§ **Task to carry out**
In the records that follow, find the line with "have [N [[N_gt0"; from there, retype every line exactly through the line with "move=> Hz; wlog le_ji : i j / j <= i.", which also belongs to the answer.
==========
(* Let $\mathbf G$ be a group, let $G_{<\infty}$ be the set of its elements of finite order, and let $\Phi$ be the finite-order component of $\mathcal G(\mathbf G)$. Assume $\lvert\mathrm{Cen}(\Phi)\rvert=1$. Let $x\in G_{<\infty}$ be such that the $\equiv$-class $[x]_\equiv$ of $x$ in $\Phi$ is not a single $\approx$-class (i.e. $[x]_\equiv$ is a complex or infinitely complex $\equiv$-class). Then the closed neighborhood of $x$ in $\mathcal G(\mathbf G)$ equals the closed neighborhood of $x$ in $\mathcal G_e(\mathbf G)$.
   Context: All graphs are simple. For a group $\mathbf G$: the power graph $\mathcal G(\mathbf G)$ has vertex set $G$, and distinct $x,y$ are adjacent iff $y=x^n$ or $x=y^n$ for some $n\in\mathbb Z\setminus\{0\}$ (so the identity is not adjacent to elements of infinite order). The enhanced power graph $\mathcal G_e(\mathbf G)$ has vertex set $G$, and distinct $x,y$ are adjacent iff there are $z\in G$ and $n,m\in\mathbb Z$ with $x=z^n$, $y=z^m$ (equivalently $\langle x,y\rangle$ is cyclic). $G_{<\infty}$ denotes the set of elements of finite order; it induces a connected component of $\mathcal G(\mathbf G)$, called the finite-order component $\Phi$. The center of $\Phi$ is $\mathrm{Cen}(\Phi)=\{x\in G_{<\infty}: x \text{ is adjacent in } \mathcal G(\mathbf G) \text{ to all } y\in G_{<\infty}\setminus\{x\}\}$. The closed neighborhood of a vertex $x$ is $\overline N(x)=\{x\}\cup\{y: y\sim x\}$. For $x,y\in G_{<\infty}$, $x\equiv y$ means $x,y$ have the same closed neighborhood in $\Phi$; $x\approx y$ means $\langle x\rangle=\langle y\rangle$. Each $\equiv$-class is a union of $\approx$-classes. (Under $\lvert\mathrm{Cen}(\Phi)\rvert=1$, a $\equiv$-class that is not a single $\approx$-class is either complex, i.e. of the form $\{g\in\langle y\rangle: o(g)\ge p^s\}$ for a prime $p$, an element $y$ of order $p^r$ and $r>s>0$, or infinitely complex, i.e. $\bigcup_{k\ge s}[x_k]_\approx$ with $o(x_k)=p^k$ and $x_k\in\langle x_{k+1}\rangle$ for all $k\ge s$.) *)

From Stdlib Require Import ZArith.

Record Group := {
  carrier :> Type;
  gmul : carrier -> carrier -> carrier;
  gone : carrier;
  ginv : carrier -> carrier;
  gmulA : forall x y z, gmul x (gmul y z) = gmul (gmul x y) z;
  gmul1x : forall x, gmul gone x = x;
  gmulx1 : forall x, gmul x gone = x;
  gmulVx : forall x, gmul (ginv x) x = gone;
  gmulxV : forall x, gmul x (ginv x) = gone
}.

Section Defs.
Variable G : Group.

Fixpoint npow (x : G) (n : nat) : G :=
  match n with
  | O => gone G
  | S k => gmul G x (npow x k)
  end.

Definition zpow (x : G) (n : Z) : G :=
  match n with
  | Z0 => gone G
  | Zpos p => npow x (Pos.to_nat p)
  | Zneg p => ginv G (npow x (Pos.to_nat p))
  end.

Definition fin_order (x : G) : Prop := exists n : nat, (0 < n)%nat /\ npow x n = gone G.

Definition pow_adj (x y : G) : Prop :=
  x <> y /\
  ((exists n : Z, n <> 0%Z /\ y = zpow x n) \/ (exists n : Z, n <> 0%Z /\ x = zpow y n)).

Definition epow_adj (x y : G) : Prop :=
  x <> y /\ exists (z : G) (n m : Z), x = zpow z n /\ y = zpow z m.

Definition closed_nbhd (x y : G) : Prop := y = x \/ pow_adj x y.
Definition closed_enbhd (x y : G) : Prop := y = x \/ epow_adj x y.

Definition closed_nbhd_Phi (x y : G) : Prop := fin_order y /\ closed_nbhd x y.

Definition in_Cen (x : G) : Prop :=
  fin_order x /\ forall y, fin_order y -> y <> x -> pow_adj x y.

Definition nequiv (x y : G) : Prop := forall z, closed_nbhd_Phi x z <-> closed_nbhd_Phi y z.

Definition same_cyclic (x y : G) : Prop :=
  forall z, (exists n : Z, z = zpow x n) <-> (exists n : Z, z = zpow y n).

End Defs.

From mathcomp Require Import all_boot zify.
From Stdlib Require Import ZArith Lia Classical Wf_nat.

Set Implicit Arguments.
Unset Strict Implicit.

(* Write [memN t w] when t is a natural power of w, and call u and t linked
   when one is a power of the other.  For w of finite order, [memN t w] means
   t lies in <w>, and the closed neighbourhood of w in the finite-order
   component Phi is the set of finite-order elements linked to w
   ([nbhd_Phi_linked]).
   Since [x]_equiv is not a single approx-class, it contains x' with the same
   neighbourhood in Phi but <x> <> <x'> ([equiv_partner]); x and x' are then
   linked.  If x were the identity, x' would be central too, contradicting
   |Cen(Phi)| = 1 ([partner_not_one]).  If y is enhanced-adjacent to x, then
   x, y lie in some <z> with z of finite order (as x <> 1), and x, x', y all
   lie in one finite cyclic group <w> ([common_cyclic]).  In <w> of order N
   the subgroup <w^i> has index gcd(i, N) ([memN_cyclic_dvd]), so linking is
   comparability of divisors of N, and a short argument in the divisor
   lattice ([divisor_lattice_comparable], used in [linked_in_cyclic]) shows
   that y is linked to x, i.e. y = x or y is power-adjacent to x.  The other
   inclusion holds since power adjacency implies enhanced adjacency. *)

(* This uses distributivity of gcd over lcm. *)
Lemma divisor_lattice_comparable a b c : a %| c -> ~~ (c %| a) ->
  (c %| lcmn a b) || (lcmn a b %| c) -> (a %| gcdn b c) || (gcdn b c %| a) ->
  (a %| b) || (b %| a).
Proof.
move=> ac nca Hlcm /orP [a_gcd|gcd_a].
  by rewrite (dvdn_trans a_gcd (dvdn_gcdl _ _)).
case/orP: Hlcm => [c_lcm|lcm_c].
- (* c = gcd(lcm(a,b), c) = lcm(gcd(a,c), gcd(b,c)) = lcm(a, gcd(b,c)) = a *)
  have E : gcdn (lcmn a b) c = c by apply/gcdn_idPr.
  rewrite order.Order.NatDvd.meetUl (gcdn_idPl ac) (lcmn_idPl gcd_a) in E.
  by rewrite E dvdnn in nca.
- move: lcm_c; rewrite dvdn_lcm => /andP [_ bc].
  by move: gcd_a; rewrite (gcdn_idPl bc) => ->; rewrite orbT.
Qed.

Section PowerGraph.
Variable G : Group.
Local Notation e := (gone G).
Local Notation mul := (gmul G).
Local Notation pw := (npow G).

Lemma npow_add x m n : pw x (m + n) = mul (pw x m) (pw x n).
Proof. by elim: m => [|m IH] /=; rewrite ?gmul1x // IH gmulA. Qed.

Lemma npow1 x : pw x 1 = x.
Proof. by rewrite /= gmulx1. Qed.

Lemma npow_mul x m n : pw x (m * n) = pw (pw x m) n.
Proof. by elim: n => [|n IH]; rewrite ?muln0 // mulnS npow_add IH. Qed.

Lemma npow_one n : pw e n = e.
Proof. by elim: n => [|n IH] //=; rewrite IH gmul1x. Qed.

Lemma npow_zpow w k : pw w k = zpow G w (Z.of_nat k).
Proof. by case: k => // k; rewrite /= SuccNat2Pos.id_succ. Qed.

Lemma inv_unique a b : mul a b = e -> ginv G a = b.
Proof. by move=> H; rewrite -[ginv G a]gmulx1 -H gmulA gmulVx gmul1x. Qed.

Lemma mul_eq_r a b : mul a b = b -> a = e.
Proof. by move=> H; rewrite -[a]gmulx1 -(gmulxV G b) gmulA H gmulxV. Qed.

Lemma npow_inv a k : mul (pw (ginv G a) k) (pw a k) = e.
Proof.
elim: k => [|k IH]; first by rewrite /= gmul1x.
have -> : pw a k.+1 = mul (pw a k) a by rewrite -addn1 npow_add npow1.
by rewrite /= -gmulA (gmulA _ (pw (ginv G a) k)) IH gmul1x gmulVx.
Qed.

Definition is_order (x : G) (N : nat) : Prop :=
  0 < N /\ pw x N = e /\ forall m, 0 < m -> pw x m = e -> N <= m.

Lemma least_witness (P : nat -> Prop) :
  (exists n, P n) -> exists n, P n /\ forall m, P m -> n <= m.
Proof.
case=> n; elim/lt_wf_ind: n => n IH Pn.
case: (classic (exists m, (m < n)%coq_nat /\ P m)) => [[m [lt_mn Pm]]|Hmin].
  exact: IH lt_mn Pm.
exists n; split=> // m Pm; rewrite leqNgt; apply/negP => lt_mn.
by apply: Hmin; exists m; split=> //; apply/ltP.
Qed.

Lemma order_exists x : fin_order G x -> exists N, is_order x N.
Proof.
case=> n [n_gt0 Hn].
have [N [[N_gt0 HN] Hmin]] :=
  @least_witness (fun n => 0 < n /\ pw x n = e) (ex_intro _ n (conj (introT ltP n_gt0) Hn)).
by exists N; do 2!split=> //; move=> m m_gt0 Hm; apply: Hmin.
Qed.

Lemma order_dvd x N k : is_order x N -> pw x k = e <-> N %| k.
Proof.
move=> [N_gt0 [HN Hmin]]; split=> [Hk|Hk]; last first.
  by rewrite -(divnK Hk) mulnC npow_mul HN npow_one.
have Hr : pw x (k %% N) = e.
  by move: Hk; rewrite {1}(divn_eq k N) npow_add mulnC npow_mul HN npow_one gmul1x.
case: (posnP (k %% N)) => [r0|r_gt0]; first by rewrite /dvdn r0.
by have := Hmin _ r_gt0 Hr; rewrite leqNgt ltn_pmod.
Qed.

Lemma npow_inj_mod z N i j : is_order z N -> pw z i = pw z j -> i = j %[mod N].
Proof.
move=> Hz; wlog le_ji : i j / j <= i.
  by move=> W; case: (leqP j i) => [le|/ltnW le] H; [apply: W | symmetry; apply: W].
move=> H; apply/eqP; rewrite eqn_mod_dvd //; apply/(order_dvd _ Hz).
by apply: (@mul_eq_r _ (pw z j)); rewrite -npow_add subnK.
Qed.

Definition memN (t w : G) : Prop := exists k, t = pw w k.

Lemma memN_refl a : memN a a.
Proof. by exists 1; rewrite npow1. Qed.

Lemma memN_trans a b c : memN a b -> memN b c -> memN a c.
Proof. by move=> [k ->] [l ->]; exists (l * k); rewrite npow_mul. Qed.

Lemma memN_fin a c : fin_order G c -> memN a c -> fin_order G a.
Proof.
move=> [N [N_gt0 HN]] [k ->]; exists N; split=> //.
by rewrite -npow_mul mulnC npow_mul HN npow_one.
Qed.

Lemma zpow_memN w n : fin_order G w -> memN (zpow G w n) w.
Proof.
move=> /order_exists [N [N_gt0 [HN _]]].
case: n => [|p|p] /=; [by exists 0 | by exists (Pos.to_nat p) |].
exists (N * Pos.to_nat p - Pos.to_nat p); apply: inv_unique; rewrite -npow_add.
have -> : Pos.to_nat p + (N * Pos.to_nat p - Pos.to_nat p) = N * Pos.to_nat p by nia.
by rewrite npow_mul HN npow_one.
Qed.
==========
§ **Solution to this task**
have [N [[N_gt0 HN] Hmin]] :=
  @least_witness (fun n => 0 < n /\ pw x n = e) (ex_intro _ n (conj (introT ltP n_gt0) Hn)).
by exists N; do 2!split=> //; move=> m m_gt0 Hm; apply: Hmin.
Qed.

Lemma order_dvd x N k : is_order x N -> pw x k = e <-> N %| k.
Proof.
move=> [N_gt0 [HN Hmin]]; split=> [Hk|Hk]; last first.
  by rewrite -(divnK Hk) mulnC npow_mul HN npow_one.
have Hr : pw x (k %% N) = e.
  by move: Hk; rewrite {1}(divn_eq k N) npow_add mulnC npow_mul HN npow_one gmul1x.
case: (posnP (k %% N)) => [r0|r_gt0]; first by rewrite /dvdn r0.
by have := Hmin _ r_gt0 Hr; rewrite leqNgt ltn_pmod.
Qed.

Lemma npow_inj_mod z N i j : is_order z N -> pw z i = pw z j -> i = j %[mod N].
Proof.
move=> Hz; wlog le_ji : i j / j <= i.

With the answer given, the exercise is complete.